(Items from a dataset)
====
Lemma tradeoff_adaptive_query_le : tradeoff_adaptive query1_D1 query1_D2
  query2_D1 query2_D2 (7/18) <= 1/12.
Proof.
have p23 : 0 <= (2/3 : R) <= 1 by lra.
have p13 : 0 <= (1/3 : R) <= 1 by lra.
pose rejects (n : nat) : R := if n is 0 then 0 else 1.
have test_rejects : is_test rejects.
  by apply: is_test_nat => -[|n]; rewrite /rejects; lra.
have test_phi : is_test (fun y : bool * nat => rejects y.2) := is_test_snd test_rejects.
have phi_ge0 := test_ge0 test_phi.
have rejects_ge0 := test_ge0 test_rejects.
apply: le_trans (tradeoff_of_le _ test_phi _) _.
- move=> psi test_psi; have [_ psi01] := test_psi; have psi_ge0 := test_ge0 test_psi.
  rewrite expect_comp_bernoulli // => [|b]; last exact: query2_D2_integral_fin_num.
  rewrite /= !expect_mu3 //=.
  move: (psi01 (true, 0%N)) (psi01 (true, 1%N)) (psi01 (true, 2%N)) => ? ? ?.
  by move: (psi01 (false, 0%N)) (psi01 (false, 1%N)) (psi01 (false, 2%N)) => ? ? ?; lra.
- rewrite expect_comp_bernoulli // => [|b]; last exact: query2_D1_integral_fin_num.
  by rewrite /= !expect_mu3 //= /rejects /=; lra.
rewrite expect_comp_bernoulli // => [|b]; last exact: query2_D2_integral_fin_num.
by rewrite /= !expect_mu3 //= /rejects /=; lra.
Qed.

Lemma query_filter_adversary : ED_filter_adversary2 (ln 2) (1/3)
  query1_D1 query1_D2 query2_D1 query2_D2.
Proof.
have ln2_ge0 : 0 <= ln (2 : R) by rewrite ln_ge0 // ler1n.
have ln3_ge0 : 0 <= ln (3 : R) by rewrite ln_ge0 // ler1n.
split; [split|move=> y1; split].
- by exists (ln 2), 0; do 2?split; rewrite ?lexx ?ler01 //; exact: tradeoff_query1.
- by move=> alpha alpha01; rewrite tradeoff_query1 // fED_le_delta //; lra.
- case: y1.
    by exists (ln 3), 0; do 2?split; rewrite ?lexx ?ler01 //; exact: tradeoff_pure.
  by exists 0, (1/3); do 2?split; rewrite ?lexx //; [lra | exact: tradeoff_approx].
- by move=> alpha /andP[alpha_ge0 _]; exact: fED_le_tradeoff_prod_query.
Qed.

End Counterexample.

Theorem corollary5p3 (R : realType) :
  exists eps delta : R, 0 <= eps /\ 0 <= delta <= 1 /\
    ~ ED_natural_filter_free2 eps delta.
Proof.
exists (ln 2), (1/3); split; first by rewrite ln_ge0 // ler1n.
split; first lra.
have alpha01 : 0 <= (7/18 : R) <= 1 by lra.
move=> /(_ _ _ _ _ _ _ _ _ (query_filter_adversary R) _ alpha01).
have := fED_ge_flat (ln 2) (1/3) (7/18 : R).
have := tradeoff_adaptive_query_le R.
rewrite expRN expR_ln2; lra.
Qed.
====
Using the entries above, copy exactly the lines from the one containing "have ln3_ge0 : 0" through the last, both included.

WRITTEN SOLUTION>
have ln3_ge0 : 0 <= ln (3 : R) by rewrite ln_ge0 // ler1n.
split; [split|move=> y1; split].
- by exists (ln 2), 0; do 2?split; rewrite ?lexx ?ler01 //; exact: tradeoff_query1.
- by move=> alpha alpha01; rewrite tradeoff_query1 // fED_le_delta //; lra.
- case: y1.
    by exists (ln 3), 0; do 2?split; rewrite ?lexx ?ler01 //; exact: tradeoff_pure.
  by exists 0, (1/3); do 2?split; rewrite ?lexx //; [lra | exact: tradeoff_approx].
- by move=> alpha /andP[alpha_ge0 _]; exact: fED_le_tradeoff_prod_query.
Qed.

End Counterexample.

Theorem corollary5p3 (R : realType) :
  exists eps delta : R, 0 <= eps /\ 0 <= delta <= 1 /\
    ~ ED_natural_filter_free2 eps delta.
Proof.
exists (ln 2), (1/3); split; first by rewrite ln_ge0 // ler1n.
split; first lra.
have alpha01 : 0 <= (7/18 : R) <= 1 by lra.
move=> /(_ _ _ _ _ _ _ _ _ (query_filter_adversary R) _ alpha01).
have := fED_ge_flat (ln 2) (1/3) (7/18 : R).
have := tradeoff_adaptive_query_le R.
rewrite expRN expR_ln2; lra.
Qed.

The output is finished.